# What's the impact of weights in the ranking process ?

In [2]:
from productsearchengine import ProductSearchEngine

[nltk_data] Downloading package stopwords to /home/ensai/nltk_data...
[nltk_data]   Package stopwords is already up-to-date!


The main goal of this file is to find out how different could be our search engine results if the ranking changes.

First, let's try 3 simple querry adapted to our dataset : 

In [6]:
# Initialize search engine
search_engine = ProductSearchEngine()

# Example queries for testing
test_queries = [
    "Cat-Ear Beanie america"
]

# Test each query with all search types
search_types = ['all', 'exact', 'any']

# Define custom weights for testing
custom_weights = {
    "bm25_weight": 0.5,
    "exact_match_weight": 1.5,
    "review_weight": 0.2,
    "title_match_weight": 0.3,
    "origin_match_weight": 0.1
}

# Execute searches and display results
for query in test_queries:
    print(f"\nTesting query: {query}")
    for search_type in search_types:
        print(f"\nSearch type: {search_type}")
        results = search_engine.execute_search(query, search_mode=search_type, save_results=False, **custom_weights)
        print(f"Found {results['metadata']['document_count']} documents")
        
        # Display the top 3 results
        for i, (doc_url, doc_data) in enumerate(results['ranked_documents'][:3], 1):
            print(f"\n{i}. {search_engine.products[doc_url]['title']} (Score: {doc_data['final_score']:.3f})")
            print(f"URL: {doc_url}")
            for component, score in doc_data.items():
                if component != 'final_score':
                    print(f"  - {component}: {score:.3f}")
            if 'description' in search_engine.products[doc_url] and search_engine.products[doc_url]['description']:
                print(f"Description: {search_engine.products[doc_url]['description'][:200]}...")



Testing query: Cat-Ear Beanie america

Search type: all
Found 0 documents

Search type: exact
Found 0 documents

Search type: any
Found 31 documents

1. Cat-Ear Beanie - Pink small (Score: 3.976)
URL: https://web-scraping.dev/product/12?variant=pink-small
  - bm25_score: 2.924
  - exact_match_score: 0.000
  - review_score: 0.352
  - title_match_score: 0.600
  - origin_match_score: 0.100
Description: Available in a variety of colors like black, grey, white, pink, and blue, this beanie not only keeps you warm but also adds a playful element to your outfit.
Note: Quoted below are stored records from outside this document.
From HB Require Import structures.
From mathcomp Require Import all_boot all_order all_algebra.
From mathcomp Require Import all_classical all_reals all_analysis.
From mathcomp Require Import ring lra.

Set Implicit Arguments.
Unset Strict Implicit.
Unset Printing Implicit Defensive.
Import Order.TTheory GRing.Theory Num.Theory.
Local Open Scope ring_scope.

(* If [A] is finite then [A <= I], and since [r/t - r/4 = 1/2] the term [rho_1] is
   at most [sqrt (||p_{<=I}||_r / n)], with equality when [A = I]; this gives the
   upper bound with constant 1.  For the lower bound we may assume [I > 0].  If
   [p_I] passes the idxA_threshold defining [A], then [A = I].  Otherwise the
   minimality of [I] gives [c_I / n^2 < p_I (p_I + ||p_{>I}||_1)], hence
   [min(1, c_I/2) <= n^2 p_I max(||p_{>I}||_1, 1/n)]; eliminating [p_I] between
   this and the failed idxA_threshold inequality (a linear computation on logarithms)
   bounds [sqrt (||p_{<=I}||_r / n)] by a constant times
   [max(||p_{>I}||_1, 1/n)^((2-t)/t) / n^((2t-2)/t) <= rho_2 + 1/n]. *)

Section Exponents.
Variable R : realType.

Lemma rexp_gt0 (t : R) : 0 < t < 4 -> 0 < rexp t.
Proof. by move=> /andP[t0 t4]; rewrite /rexp divr_gt0 //; lra. Qed.

Lemma rexp_div (t : R) : 0 < t < 4 -> rexp t / t = rexp t / 4 + 2^-1.
Proof.
move=> /andP[t0 t4]; rewrite /rexp; field.
by rewrite !gt_eqF // subr_gt0.
Qed.

Lemma ln_sqrt (x : R) : 0 < x -> ln (Num.sqrt x) = ln x / 2.
Proof. by move=> x0; rewrite -powR12_sqrt ?ltW // ln_powR mulrC. Qed.

Lemma powR_rexp_ratio (t nn L : R) : 0 < t < 4 -> 0 < nn -> 0 <= L ->
  L `^ (rexp t / t) / (Num.sqrt nn * L `^ (rexp t / 4)) = Num.sqrt (L / nn).
Proof.
move=> ht n0 L0; have r0 := rexp_gt0 ht.
have [->|L_neq0] := eqVneq L 0.
  by rewrite powR0 ?mul0r ?sqrtr0 // gt_eqF // divr_gt0 //; case/andP: ht.
have Lr_gt0 : 0 < L `^ (rexp t / 4) by rewrite powR_gt0 // lt_neqAle eq_sym L_neq0.
rewrite rexp_div // powRD ?L_neq0 ?implybT // powR12_sqrt // sqrtrM // sqrtrV ?ltW //.
by field; rewrite !gt_eqF ?sqrtr_gt0.
Qed.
Add a touch of whimsy to your winter wardr...

2. Cat-Ear Beanie (Score: 3.972)
URL: https://web-scraping.dev/product/12
  - bm25_score: 2.920
  - exact_match_score: 0.000
  - review_score: 0.352
  - title_match_score: 0.600
  - origin_match_score: 0.100
Description: Add a touch of whimsy to your winter wardrobe with our cat ear beanie. Stay warm, look cute, and let your playful side shine with our cat ear beanie. Available in a varie

A simple observation is the impact of the origin match score, which is relatively low overall. It seems reasonable to keep its weight low since users may not often specify the location where they want to find the product.

Moreover, if we decide to increase this weight, we must exercise caution, as it could lead to irrelevant results appearing at the top simply because they share the same location as the product the user is looking for. We can assume that if a user is searching for a specific product in a particular location, they would likely prefer results showing the same product in other countries rather than a different product in the same location.
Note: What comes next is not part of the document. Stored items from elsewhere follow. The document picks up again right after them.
(* Let $(M,d)$ be a metric space, $\mathsf{P}\subseteq M$ a set of $n$ points, and $1\le\ell\le k\le n$ integers; put $m=\lfloor k/\ell\rfloor$. Let $Q=\{q_1,\dots,q_m\}$ be the output of Gonzalez's algorithm on $\mathsf{P}$ with $m$ centers, and let $C\subseteq\mathsf{P}$ be any set with $|C|=k$ and $C\supseteq\bigcup_{i=1}^m N_{\mathsf{P}}(q_i,\ell)$. Let $r_{\mathrm{opt}}=\min_{C'\subseteq\mathsf{P},|C'|=k}\max_{p\in\mathsf{P}} d_{C'}(p,\ell)$. Then $\max_{p\in\mathsf{P}} d_C(p,\ell)\le 4\,r_{\mathrm{opt}}$, and if moreover $\ell\mid k$ then $\max_{p\in\mathsf{P}} d_C(p,\ell)\le 3\,r_{\mathrm{opt}}$.
   Context: Gonzalez's algorithm with $m$ centers: $q_1\in\mathsf{P}$ is arbitrary, and for $i=2,\dots,m$, $q_i$ is a point of $\mathsf{P}$ maximizing $d(p,\{q_1,\dots,q_{i-1}\})$ over $p\in\mathsf{P}$. For a finite $S\subseteq M$ and $1\le i\le|S|$, $d_S(p,i)$ is the radius of the smallest closed ball centered at $p$ containing at least $i$ points of $S$; nearest neighbors are ordered lexicographically by $(d(p,s),\text{index of }s)$ (points of $\mathsf{P}=\{p_1,\dots,p_n\}$ are indexed) and $N_S(p,i)$ is the set of the first $i$ points of $S$ in this order, $|N_S(p,i)|=i$. The quantity $\max_{p\in\mathsf{P}} d_C(p,\ell)$ is the fault-tolerant $k$-center cost of $C$. *)

From HB Require Import structures.
From mathcomp Require Import all_boot all_order all_algebra.
Set Implicit Arguments. Unset Strict Implicit. Unset Printing Implicit Defensive.
Import Order.TTheory GRing.Theory Num.Theory.
Local Open Scope ring_scope.

Definition is_metric (R : realFieldType) (T : Type) (d : T -> T -> R) : Prop :=
  [/\ forall x, d x x = 0,
      forall x y, d x y = 0 -> x = y,
      forall x y, d x y = d y x &
      forall x y z, d x z <= d x y + d y z].

Section FT.
Variables (R : realFieldType) (T : Type) (d : T -> T -> R) (n : nat)
          (p : 'I_n -> T).
(* The point set P = {p_0, ..., p_{n-1}}, points indexed by 'I_n; subsets of P
   are represented by sets of indices. *)

Definition ball_count (S : {set 'I_n}) (x : T) (r : R) : nat :=
  #|[set s in S | d x (p s) <= r]|.

(* d_S(x,i): radius of the smallest closed ball centred at x containing at
   least i points of S (the minimum is attained at one of the distances
   d(x,s), s in S).  The default of the big min, the largest distance to S,
   is itself a candidate whenever 1 <= i <= |S|. *)
Definition dS (S : {set 'I_n}) (x : T) (i : nat) : R :=
  \big[Order.min / \big[Order.max/0]_(s in S) d x (p s)]_(s in S |
      (i <= ball_count S x (d x (p s)))%N) d x (p s).

Definition lex_lt (x : T) (s t : 'I_n) : bool :=
  (d x (p s) < d x (p t)) || ((d x (p s) == d x (p t)) && (s < t)%N).

(* N_S(x,i): the first i points of S in the lexicographic order *)
Definition NS (S : {set 'I_n}) (x : T) (i : nat) : {set 'I_n} :=
  [set s in S | (#|[set t in S | lex_lt x t s]| < i)%N].

Definition ft_cost (C : {set 'I_n}) (l : nat) : R :=
  \big[Order.max/0]_(y < n) dS C (p y) l.

(* d(x, {q_0, ..., q_{j-1}}) for j >= 1 (default d(x,q_0) is a member) *)
Definition dist_prefix (q : nat -> 'I_n) (j : nat) (x : T) : R :=
  \big[Order.min / d x (p (q 0%N))]_(i < j) d x (p (q i)).

Definition gonzalez (q : nat -> 'I_n) (m : nat) : Prop :=
  forall j : nat, (0 < j)%N -> (j < m)%N ->
    forall y : 'I_n, dist_prefix q j (p y) <= dist_prefix q j (p (q j)).

End FT.

From HB Require Import structures.
From mathcomp Require Import all_boot all_order all_algebra.
From mathcomp Require Import lra zify.
Import Order.TTheory GRing.Theory Num.Theory.
Local Open Scope ring_scope.

(* Let r be the fault-tolerant cost of an arbitrary k-set C'
   and m = k %/ l.  We show the stronger bound ft_cost C <= 3 r, which gives
   both claims (4 r >= 3 r since r >= 0).  Fix a point y.
   - If d(y, q_i) <= 2r for some center q_i: since C' has l points within r
     of q_i, the l nearest points N_P(q_i, l) (all in C) are within r of q_i,
     hence within 3r of y, so d_C(y, l) <= 3r.
   - Otherwise y and q_0, ..., q_{m-1} are m+1 points pairwise more than 2r
     apart (Gonzalez's farthest-point rule transfers the separation of y to
     the centers).  The balls of radius r around them are disjoint and each
     holds l points of C', so (m+1) l <= k, contradicting m = k %/ l.  Only symmetry and the triangle inequality of d are used. *)

Section FaultTolerantCost.
Variables (R : realFieldType) (T : Type) (d : T -> T -> R) (n : nat)
          (p : 'I_n -> T).

Lemma ball_count_mono (S : {set 'I_n}) x r1 r2 :
  r1 <= r2 -> (ball_count d p S x r1 <= ball_count d p S x r2)%N.
Proof.
move=> r12; apply/subset_leq_card/subsetP => s; rewrite !inE.
by case/andP=> -> /le_trans; apply.
Qed.

Lemma dS_ball (S : {set 'I_n}) x l r :
  (l <= #|S|)%N -> dS d p S x l <= r -> (l <= ball_count d p S x r)%N.
Proof.
move=> lS; apply: contraTT; rewrite -ltnNge -ltNge => few.
apply: lt_bigmin => [|s /andP[sS many]].
- have [s sS far] : exists2 s, s \in S & r < d x (p s).
    apply/exists_inP; apply: contraLR few; rewrite negb_exists_in -leqNgt.
    move/forall_inP => near; apply: leq_trans lS (subset_leq_card _).
    by apply/subsetP => s sS; rewrite inE sS leNgt near.
  exact: lt_le_trans far (le_bigmax_cond _ _ sS).
- rewrite ltNge; apply/negP => sr.
  by have := @ball_count_mono S x _ _ sr; lia.
Qed.

(* Conversely, l >= 1 points of S within rho of x force d_S(x,l) <= rho:
   the farthest of them is a candidate radius in the minimum defining d_S. *)
Lemma dS_le (S : {set 'I_n}) x l rho :
  (0 < l)%N -> (l <= ball_count d p S x rho)%N -> dS d p S x l <= rho.
Proof.
move=> l0; rewrite /ball_count; set A := [set s in S | d x (p s) <= rho] => lA.
have [a aA] : exists a, a \in A by apply/set0Pn; rewrite -card_gt0; lia.
case: (arg_maxP (fun s => d x (p s)) aA) => s sA smax.
have : s \in A := sA; rewrite /A inE => /andP[sS srho].
apply: le_trans srho; apply: bigmin_le_cond; rewrite sS /=.
apply: leq_trans lA (subset_leq_card _); apply/subsetP => t tA.
by move: (tA); rewrite /A !inE => /andP[-> _]; exact: (smax t tA).
Qed.

Lemma lex_lt_trans x s t u :
  lex_lt d p x s t -> lex_lt d p x t u -> lex_lt d p x s u.
Proof.
rewrite /lex_lt.
case/orP=> [h1|/andP[/eqP e1 h1]]; case/orP=> [h2|/andP[/eqP e2 h2]].
- by rewrite (lt_trans h1 h2).
- by rewrite -e2 h1.
- by rewrite e1 h2.
- by rewrite e1 e2 eqxx (ltn_trans h1 h2) orbT.
Qed.

Lemma lex_lt_irr x s : lex_lt d p x s s = false.
Proof. by rewrite /lex_lt ltxx ltnn andbF. Qed.

(* N_P(x,l) has at least l elements when l <= n: an element outside it of
   minimal rank would have all its predecessors inside, hence rank < l. *)
Lemma NS_card x l : (l <= n)%N -> (l <= #|NS d p setT x l|)%N.
Proof.
move=> ln; rewrite leqNgt; apply/negP => small.
set N := NS d p setT x l in small.
pose preds u := [set t in setT | lex_lt d p x t u].
have [u0 u0N] : exists u0, u0 \in ~: N.
  by apply/set0Pn; rewrite -card_gt0 cardsCs card_ord setCK; lia.
case: (arg_minnP (fun u => #|preds u|) u0N) => u uN umin.
have predN : preds u \subset N.
  apply/subsetP => t; rewrite !inE /= => tu; apply/negPn/negP => tN.
  have : (#|preds t| < #|preds u|)%N.
    apply/proper_card/properP; split.
      by apply/subsetP => v; rewrite !inE /= => vt; apply: lex_lt_trans vt tu.
    by exists t; rewrite !inE /= ?lex_lt_irr.
  have tN' : t \in ~: N by rewrite in_setC /N inE in_setT.
  by rewrite ltnNge (umin t tN').
have : u \in ~: N := uN; rewrite in_setC inE in_setT /= => /negP; apply.
exact: leq_ltn_trans (subset_leq_card predN) small.
Qed.

Lemma NS_close (C' : {set 'I_n}) x l r s :
  (l <= ball_count d p C' x r)%N -> s \in NS d p setT x l -> d x (p s) <= r.
Proof.
move=> lball; rewrite inE in_setT /= => rank; rewrite leNgt; apply/negP => far.
move: rank; rewrite ltnNge => /negP; apply.
apply: leq_trans lball (subset_leq_card _); apply/subsetP => t.
by rewrite !inE /= => /andP[_ tr]; rewrite /lex_lt (le_lt_trans tr far).
Qed.

Hypothesis dsym : forall x y, d x y = d y x.
Hypothesis dtri : forall x y z, d x z <= d x y + d y z.

Lemma dS_near_center (C C' : {set 'I_n}) y z l r :
  (0 < l)%N -> (l <= n)%N -> NS d p setT (p z) l \subset C ->
  (l <= ball_count d p C' (p z) r)%N -> d (p y) (p z) <= 2%:R * r ->
  dS d p C (p y) l <= 3%:R * r.
Proof.
move=> l0 ln NC zball yz; apply: dS_le => //.
rewrite /ball_count; apply: leq_trans (NS_card (p z) l ln) (subset_leq_card _).
apply/subsetP => s sN; rewrite inE (subsetP NC s sN) /=.
have := @NS_close C' _ _ _ _ zball sN; have := dtri (p y) (p z) (p s); lra.
Qed.

(* Separation: if some y is farther than rho from every center of a Gonzalez
   run, then the centers are pairwise farther than rho apart, since each new
   center is at least as far from the previous ones as y is. *)
Lemma gonzalez_separated (q : nat -> 'I_n) m y rho :
  gonzalez d p q m -> (forall i, (i < m)%N -> rho < d (p y) (p (q i))) ->
  forall i j, (i < j)%N -> (j < m)%N -> rho < d (p (q i)) (p (q j)).
Proof.
move=> gz yfar i j ij jm.
have yprefix : rho < dist_prefix d p q j (p y).
  apply: lt_bigmin => [|i0 _]; first by apply: yfar; lia.
  by apply: yfar; apply: ltn_trans (ltn_ord i0) jm.
have jprefix : dist_prefix d p q j (p (q j)) <= d (p (q j)) (p (q i)) :=
  bigmin_le _ (Ordinal ij) (fun i0 : 'I_j => d (p (q j)) (p (q i0))).
rewrite dsym; apply: lt_le_trans yprefix (le_trans (gz j _ jm y) jprefix).
exact: leq_ltn_trans (leq0n i) ij.
Qed.

(* Packing: j points pairwise more than 2r apart, each with l points of C'
   within r, have disjoint such neighbourhoods, so j * l <= |C'|. *)
Lemma packing (C' : {set 'I_n}) (x : nat -> T) (j l : nat) r :
  (forall i i', (i < i')%N -> (i' < j)%N -> 2%:R * r < d (x i) (x i')) ->
  (forall i, (i < j)%N -> (l <= ball_count d p C' (x i) r)%N) ->
  (j * l <= #|C'|)%N.
Proof.
move=> sep lball.
pose D i := [set s in C' | d (x i) (p s) <= r].
suff U : (j * l <= #|\bigcup_(i < j) D i|)%N.
  apply: leq_trans U (subset_leq_card _).
  by apply/bigcupsP => i _; apply/subsetP => s; rewrite inE => /andP[].
elim: j sep lball => [|j IH] sep lball; first by rewrite mul0n.
rewrite big_ord_recr /= cardsU.
have -> : \bigcup_(i < j) D i :&: D j = set0.
  apply/setP => s; rewrite in_set0 in_setI; apply/negP.
  case/andP => /bigcupP[i _]; rewrite !inE => /andP[_ ids] /andP[_ jds].
  have := sep i j (ltn_ord i) (ltnSn j); have := dtri (x i) (p s) (x j).
  rewrite (dsym (p s) (x j)); lra.
rewrite cards0 subn0 mulSn addnC; apply: leq_add (lball j (ltnSn j)).
by apply: IH => [i i' ii' i'j|i ij]; [apply: sep; lia|apply: lball; lia].
Qed.

Lemma ft_cost_le3 (l k : nat) (q : nat -> 'I_n) (C C' : {set 'I_n}) :
  (1 <= l)%N -> (l <= k)%N -> (k <= n)%N -> gonzalez d p q (k %/ l) ->
  (forall i, (i < k %/ l)%N -> NS d p setT (p (q i)) l \subset C) ->
  #|C'| = k -> ft_cost d p C l <= 3%:R * ft_cost d p C' l.
Proof.
move=> l1 lk kn gz NC C'k; set m := (k %/ l)%N; set r := ft_cost d p C' l.
have r0 : 0 <= r := bigmax_ge_id _ _ _ _.
have lball z : (l <= ball_count d p C' (p z) r)%N.
  by apply: dS_ball; rewrite ?C'k //; apply: le_bigmax.
apply: bigmax_le => [|y _]; first lra.
case: (boolP [exists i : 'I_m, d (p y) (p (q i)) <= 2%:R * r]).
  case/existsP => i near.
  exact: dS_near_center l1 (leq_trans lk kn) (NC i (ltn_ord i)) (lball _) near.
move/existsPn => far.
have yfar i : (i < m)%N -> 2%:R * r < d (p y) (p (q i)).
  by move=> im; rewrite ltNge; apply: (far (Ordinal im)).
pose x i := if (i < m)%N then p (q i) else p y.
have : (m.+1 * l <= k)%N.
  rewrite -C'k; apply: (@packing C' x) => [i i' ii' i'm|i _]; last first.
    by rewrite /x; case: ifP.
  have im : (i < m)%N by lia.
  rewrite /x im; case: ltnP => i'm'.
  - exact: gonzalez_separated gz yfar _ _ ii' i'm'.
  - by rewrite dsym; apply: yfar.
by rewrite leqNgt -ltn_divLR; [rewrite ltnSn | lia].
Qed.

End FaultTolerantCost.

Theorem theorem3 (R : realFieldType) (T : Type) (d : T -> T -> R)
  (n : nat) (p : 'I_n -> T) (l k : nat) (q : nat -> 'I_n) (C : {set 'I_n}) :
  is_metric d -> injective p ->
  (1 <= l)%N -> (l <= k)%N -> (k <= n)%N ->
  gonzalez d p q (k %/ l) ->
  #|C| = k ->
  (forall i : nat, (i < k %/ l)%N -> NS d p setT (p (q i)) l \subset C) ->
  forall C' : {set 'I_n}, #|C'| = k ->
    ft_cost d p C l <= 4%:R * ft_cost d p C' l /\
    ((l %| k)%N -> ft_cost d p C l <= 3%:R * ft_cost d p C' l).
Proof.
move=> [_ _ dsym dtri] _ l1 lk kn gz _ NC C' C'k.
have le3 := @ft_cost_le3 _ _ _ _ _ dsym dtri _ _ _ _ _ l1 lk kn gz NC C'k.
have r0 : 0 <= ft_cost d p C' l := bigmax_ge_id _ _ _ _.
by split => [|_] //; apply: le_trans le3 _; lra.
Qed.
(Illustrate those examples with our dataset is quite difficult as we don't have a lot of data or pages having a lot of similarities)

In [10]:
# Initialize search engine
search_engine = ProductSearchEngine()

# Example queries for testing
test_queries = [
    "Box of Chocolate Candy"
]

# Test each query with all search types
search_types = ['all', 'exact', 'any']

# Define custom weights for testing
custom_weights = {
    "bm25_weight": 0.5,
    "exact_match_weight": 1.5,
    "review_weight": 0.2,
    "title_match_weight": 0.3,
    "origin_match_weight": 0.1
}

# Execute searches and display results
for query in test_queries:
    print(f"\nTesting query: {query}")
    for search_type in search_types:
        print(f"\nSearch type: {search_type}")
        results = search_engine.execute_search(query, search_mode=search_type, save_results=False, **custom_weights)
        print(f"Found {results['metadata']['document_count']} documents")
        
        # Display the top 3 results
        for i, (doc_url, doc_data) in enumerate(results['ranked_documents'][:3], 1):
            print(f"\n{i}. {search_engine.products[doc_url]['title']} (Score: {doc_data['final_score']:.3f})")
            print(f"URL: {doc_url}")
            for component, score in doc_data.items():
                if component != 'final_score':
                    print(f"  - {component}: {score:.3f}")
            if 'description' in search_engine.products[doc_url] and search_engine.products[doc_url]['description']:
                print(f"Description: {search_engine.products[doc_url]['description'][:200]}...")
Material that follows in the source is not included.